BEGIN TASK MATERIAL
(* Let $\mathbb{F}_2=\langle a\rangle\ast\langle b\rangle$ and let $f=f_A\ast f_B$ be a split quasimorphism with bounded factors $f_A:\langle a\rangle\to\mathbb{R}$, $f_B:\langle b\rangle\to\mathbb{R}$. For $n\in\mathbb{Z}\setminus\{0\}$ let $\tau_n$ be the automorphism $a\mapsto a$, $b\mapsto a^nb$. Then the following are equivalent: (i) $\tau_n.f=f$; (ii) $\tau_n.\widehat f=\widehat f$; (iii) $\tau_n.\omega_f=\omega_f$; (iv) the function $f_A$ is $|n|$-periodic and $f_B$ is identically zero. Furthermore, if $|n|\leq 2$ these conditions imply $f=0$.
   Context: $f_A,f_B$ are alternating ($f(x^{-1})=-f(x)$). Each non-trivial element of $\mathbb{F}_2$ has a unique normal form $a^{k_1}b^{l_1}\cdots a^{k_m}b^{l_m}$ with all exponents non-zero except possibly $k_1$ or $l_m$, and $f(1)=0$, $f(a^{k_1}b^{l_1}\cdots a^{k_m}b^{l_m})=f_A(a^{k_1})+f_B(b^{l_1})+\dots+f_A(a^{k_m})+f_B(b^{l_m})$ (with $f_A(1)=f_B(1)=0$). The action of automorphisms on functions is $\tau.f=f\circ\tau^{-1}$; $\widehat f(g)=\lim_{k\to\infty}f(g^k)/k$ is the homogenization; $\omega_f\in\mathrm{H}^2_\mathrm{b}(\mathbb{F}_2,\mathbb{R})$ is the bounded class of $\partial f(g,h)=f(g)+f(h)-f(gh)$, and $\tau.\omega_f=\omega_{\tau.f}$. $f_A$ is $|n|$-periodic means $f_A(a^{k+n})=f_A(a^k)$ for all $k\in\mathbb{Z}$. *)

From mathcomp Require Import all_boot all_order all_algebra.
From mathcomp Require Import all_classical all_reals all_analysis.
Set Implicit Arguments. Unset Strict Implicit. Unset Printing Implicit Defensive.
Import Order.TTheory GRing.Theory Num.Theory numFieldNormedType.Exports.
Local Open Scope ring_scope.

(* A syllable (false, k) stands for a^k, (true, k) for b^k. *)
Definition syl := (bool * int)%type.

Definition reducedb (w : seq syl) : bool :=
  all (fun s : syl => s.2 != 0) w && sorted (fun x y : syl => x.1 != y.1) w.

Definition push (s : syl) (w : seq syl) : seq syl :=
  if s.2 == 0 then w else
  match w with
  | [::] => [:: s]
  | t :: w' =>
      if t.1 == s.1 then
        (if s.2 + t.2 == 0 then w' else (s.1, s.2 + t.2) :: w')
      else s :: w
  end.

Definition norm (w : seq syl) : seq syl := foldr push [::] w.

Definition F2 := {w : seq syl | reducedb w}.

Definition F2one : F2 := exist _ [::] isT.
Definition F2mul (x y : F2) : F2 := insubd F2one (norm (val x ++ val y)).
Definition F2inv (x : F2) : F2 :=
  insubd F2one (rev (map (fun s : syl => (s.1, - s.2)) (val x))).
Definition F2pow (g : F2) (z : int) : F2 :=
  match z with
  | Posz m => iter m (F2mul g) F2one
  | Negz m => iter m.+1 (F2mul (F2inv g)) F2one
  end.

Definition gen_a : F2 := insubd F2one [:: (false, 1%:Z)].
Definition gen_b : F2 := insubd F2one [:: (true, 1%:Z)].

Definition F2ext (xa xb : F2) (w : F2) : F2 :=
  foldr (fun s acc => F2mul (F2pow (if s.1 then xb else xa) s.2) acc) F2one (val w).

Definition tau (n : int) : F2 -> F2 := F2ext gen_a (F2mul (F2pow gen_a n) gen_b).
Definition tau_inv (n : int) : F2 -> F2 := tau (- n).

Definition alternatingf (R : realType) (h : int -> R) := forall k, h (- k) = - h k.
Definition boundedfun (T : Type) (R : realType) (h : T -> R) :=
  exists C : R, forall x, `|h x| <= C.

Definition split_qm (R : realType) (fA fB : int -> R) (g : F2) : R :=
  \sum_(s <- val g) (if s.1 then fB s.2 else fA s.2).

(* action of an automorphism (given by its inverse) on functions: tau.f = f o tau^{-1} *)
Definition act (R : realType) (tauinv : F2 -> F2) (f : F2 -> R) : F2 -> R :=
  fun g => f (tauinv g).

Definition homog (R : realType) (f : F2 -> R) (g : F2) : R :=
  limn (fun k : nat => f (F2pow g k%:Z) / k%:R).

Definition cobound (R : realType) (f : F2 -> R) (g h : F2) : R :=
  f g + f h - f (F2mul g h).

(* equality of the bounded classes [d f1] = [d f2] in H^2_b(F_2, R):
   the cocycles differ by the coboundary of a bounded 1-cochain *)
Definition same_bclass (R : realType) (f1 f2 : F2 -> R) : Prop :=
  exists beta : F2 -> R, boundedfun beta /\
    forall g h, cobound f1 g h - cobound f2 g h = cobound beta g h.

From mathcomp Require Import all_boot all_order all_algebra.
From mathcomp Require Import all_classical all_reals all_analysis.
From mathcomp Require Import zify ring lra.
Set Implicit Arguments. Unset Strict Implicit. Unset Printing Implicit Defensive.
Import Order.TTheory GRing.Theory Num.Theory numFieldNormedType.Exports.
Local Open Scope ring_scope.

(* If f_B = 0 and f_A is n-periodic, then tau_n^-1 : b |-> a^-n b changes the
   normal form of a reduced word only by shifting a-exponents by multiples of n
   and by inserting or deleting syllables a^(+-n), whose f_A-value is 0; keeping
   track of how the image of a suffix can begin shows that b-syllables never
   cancel, so f is invariant.
   Conversely, (ii) and (iii) both say that along the powers of any x the slopes
   of f o tau_n^-1 and of f differ by psi(x) for a homomorphism psi (psi = 0 for
   (ii), psi = f o tau_n^-1 - f - beta for (iii)).  For b, a^n b and a^k b^p
   these slopes are explicit, as the elements and their images are cyclically
   reduced or single syllables; the resulting linear relations between values
   of f_A and f_B, together with the boundedness of f_A, force (iv).  Finally, an
   alternating function of period 1 or 2 vanishes. *)

(** * Reduced words and the group law *)

Lemma reducedb_cons (s : syl) w : reducedb (s :: w) =
  [&& s.2 != 0, reducedb w & (if w is t :: _ then s.1 != t.1 else true)].
Proof.
case: w => [|t w]; rewrite /reducedb /= ?andbT //.
by rewrite -!andbA; apply/idP/idP => /and5P[-> -> -> -> ->].
Qed.

Lemma reducedb_push s w : reducedb w -> reducedb (push s w).
Proof.
case: s => g i; rewrite /push /=; case: eqP => // /eqP i0.
case: w => [|[h j] w] /=; first by rewrite reducedb_cons i0.
rewrite reducedb_cons /= => /and3P[j0 rw hw].
case: eqP => [hg|/eqP hg].
  case: eqP => // /eqP ij.
  by rewrite reducedb_cons ij rw /=; move: hw; rewrite hg.
by rewrite reducedb_cons i0 reducedb_cons j0 rw hw eq_sym hg.
Qed.

Lemma push_reduced s w : reducedb (s :: w) -> push s w = s :: w.
Proof.
case: s => g i; rewrite reducedb_cons /push /= => /and3P[/negbTE -> _].
by case: w => [|[h j] w] //= hg; rewrite eq_sym (negbTE hg).
Qed.

Lemma push0 g w : push (g, 0) w = w.
Proof. by []. Qed.

Lemma reducedb_foldr_push u w : reducedb w -> reducedb (foldr push w u).
Proof. by elim: u => //= s u IH /IH; apply: reducedb_push. Qed.

Lemma reducedb_norm u : reducedb (norm u).
Proof. exact: reducedb_foldr_push. Qed.

Lemma foldr_push_reduced u v : reducedb (u ++ v) -> foldr push v u = u ++ v.
Proof.
elim: u => [|s u IH] //= ruv; have := ruv; rewrite reducedb_cons => /and3P[_ ru _].
by rewrite IH // push_reduced.
Qed.

Lemma norm_reduced w : reducedb w -> norm w = w.
Proof. by move=> rw; rewrite /norm foldr_push_reduced ?cats0. Qed.

Lemma norm_cat_reduced u v : reducedb v -> norm (u ++ v) = foldr push v u.
Proof. by move=> rv; rewrite /norm foldr_cat -/(norm v) norm_reduced. Qed.

Lemma val_F2mul x y : val (F2mul x y) = foldr push (val y) (val x).
Proof.
rewrite /F2mul insubdK; last exact: reducedb_norm.
by rewrite norm_cat_reduced //; case: y.
Qed.

Lemma push_push g i j w : reducedb w ->
  push (g, i) (push (g, j) w) = push (g, i + j) w.
Proof.
have [->|j0] := eqVneq j 0; first by rewrite addr0.
have [->|i0] := eqVneq i 0; first by rewrite add0r.
rewrite /push /= (negbTE j0) (negbTE i0).
case: w => [|[h k] w] /=; first by rewrite eqxx; case: eqP.
rewrite reducedb_cons /= => /and3P[k0 _].
have [->|hg] := eqVneq h g => hw; last by rewrite /= eqxx; case: eqP.
have [jk|jk] := eqVneq (j + k) 0; last first.
  rewrite /= eqxx addrA; have [ij|//] := eqVneq (i + j) 0.
  by rewrite ij add0r (negbTE k0).
have -> : i + j + k = i by rewrite -addrA jk addr0.
have cons_w : push (g, i) w = (g, i) :: w.
  by rewrite /push (negbTE i0); case: w hw => [|[h' k'] w] //= hw; rewrite eq_sym (negbTE hw).
move: cons_w; rewrite /push /= (negbTE i0) => ->.
have [ij|//] := eqVneq (i + j) 0.
by have -> : k = i by move: jk ij => /eqP jk /eqP ij; lia.
Qed.

Lemma foldr_push_push s u w : reducedb u -> reducedb w ->
  foldr push w (push s u) = push s (foldr push w u).
Proof.
case: s => g i ru rw; have [->|i0] := eqVneq i 0; first by [].
rewrite [push (g, i) u]/push /= (negbTE i0).
case: u ru => [|[h j] u] //= ru; have [->|//] := eqVneq h g.
rewrite push_push; last by apply/reducedb_foldr_push.
by have [ij|//] := eqVneq (i + j) 0; rewrite ij.
Qed.

Lemma foldr_push_norm u w : reducedb w -> foldr push w (norm u) = foldr push w u.
Proof.
move=> rw; elim: u => [|s u IH] //=.
by rewrite foldr_push_push ?IH //; apply: reducedb_norm.
Qed.

Lemma F2mulA x y z : F2mul (F2mul x y) z = F2mul x (F2mul y z).
Proof.
apply: val_inj; rewrite !val_F2mul.
rewrite -(norm_cat_reduced (val x)); last by case: y.
by rewrite foldr_push_norm ?foldr_cat //; case: z.
Qed.

Lemma F2mul1g x : F2mul F2one x = x.
Proof. by apply: val_inj; rewrite val_F2mul. Qed.

Lemma F2mulg1 x : F2mul x F2one = x.
Proof. by apply: val_inj; rewrite val_F2mul -/(norm _) norm_reduced //; case: x. Qed.

Definition inv_word (u : seq syl) : seq syl := rev (map (fun s : syl => (s.1, - s.2)) u).

Lemma reducedb_inv_word u : reducedb u -> reducedb (inv_word u).
Proof.
rewrite /reducedb /inv_word all_rev rev_sorted => /andP[a s]; apply/andP; split.
  by rewrite all_map; apply: sub_all a => t /=; rewrite oppr_eq0.
by rewrite sorted_map; apply: sub_sorted s => t1 t2 /=; rewrite eq_sym.
Qed.

Lemma inv_wordK : involutive inv_word.
Proof.
move=> u; rewrite /inv_word map_rev revK -map_comp map_id_in // => -[g i] _ /=.
by rewrite opprK.
Qed.

Lemma foldr_push_inv_word u w : reducedb w ->
  foldr push (foldr push w u) (inv_word u) = w.
Proof.
move=> rw; elim: u => [|[g i] u IH] //=.
rewrite /inv_word /= rev_cons foldr_rcons /= push_push; last exact: reducedb_foldr_push.
by rewrite addNr push0.
Qed.

Lemma val_F2inv x : val (F2inv x) = inv_word (val x).
Proof. by rewrite /F2inv insubdK //; apply: reducedb_inv_word; case: x. Qed.

Lemma F2mulVg x : F2mul (F2inv x) x = F2one.
Proof.
apply: val_inj; rewrite val_F2mul val_F2inv -{1}(norm_reduced (valP x)).
exact: foldr_push_inv_word.
Qed.

Lemma F2mulgV x : F2mul x (F2inv x) = F2one.
Proof.
apply: val_inj; rewrite val_F2mul val_F2inv.
have r : reducedb (inv_word (val x)) by exact/reducedb_inv_word/valP.
by rewrite -(norm_reduced r) /norm -{2}(inv_wordK (val x)) foldr_push_inv_word.
Qed.

Lemma F2powSz x i : F2pow x (i + 1) = F2mul x (F2pow x i).
Proof.
case: i => [m|[|m]]; first by have -> : Posz m + 1 = Posz m.+1 by lia.
  by rewrite /= F2mulg1 F2mulgV.
have -> : Negz m.+1 + 1 = Negz m by rewrite !NegzE; lia.
rewrite [F2pow x (Negz m.+1)]/= -/(F2pow x (Negz m)).
by rewrite -F2mulA F2mulgV F2mul1g.
Qed.

Lemma F2powBz x i : F2pow x (i - 1) = F2mul (F2inv x) (F2pow x i).
Proof. by rewrite -{2}(subrK 1 i) F2powSz -F2mulA F2mulVg F2mul1g. Qed.

Lemma F2powD x i j : F2pow x (i + j) = F2mul (F2pow x i) (F2pow x j).
Proof.
case: i => [m|m]; elim: m => [|m IH].
- by rewrite add0r F2mul1g.
- by rewrite -addn1 PoszD addrAC F2powSz IH -F2mulA -F2powSz.
- by rewrite NegzE addrC F2powBz /= F2mulg1.
- have -> : Negz m.+1 + j = Negz m + j - 1 by rewrite !NegzE; lia.
  by rewrite F2powBz IH -F2mulA.
Qed.

Section Extension.
Variables xa xb : F2.

Definition ext_syl (s : syl) : F2 := F2pow (if s.1 then xb else xa) s.2.
Definition ext_word (u : seq syl) : F2 := foldr (fun s acc => F2mul (ext_syl s) acc) F2one u.

Lemma ext_word_cat u v : ext_word (u ++ v) = F2mul (ext_word u) (ext_word v).
Proof. by elim: u => [|s u IH] /=; rewrite ?F2mul1g // IH F2mulA. Qed.

Lemma ext_word_push s v : reducedb v -> ext_word (push s v) = F2mul (ext_syl s) (ext_word v).
Proof.
case: s => g i rv; have [->|i0] := eqVneq i 0; first by rewrite push0 /ext_syl /= F2mul1g.
rewrite /push /= (negbTE i0); case: v rv => [|[h j] v] //= rv.
have [->|//] := eqVneq h g; rewrite -F2mulA /ext_syl /= -F2powD.
by have [ij|//] := eqVneq (i + j) 0; rewrite ij F2mul1g.
Qed.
END TASK MATERIAL
#### WHAT TO PRODUCE
Return only the number of lines in the entries above that contain the word "iter".

#### SOLUTION TO THIS EXERCISE
2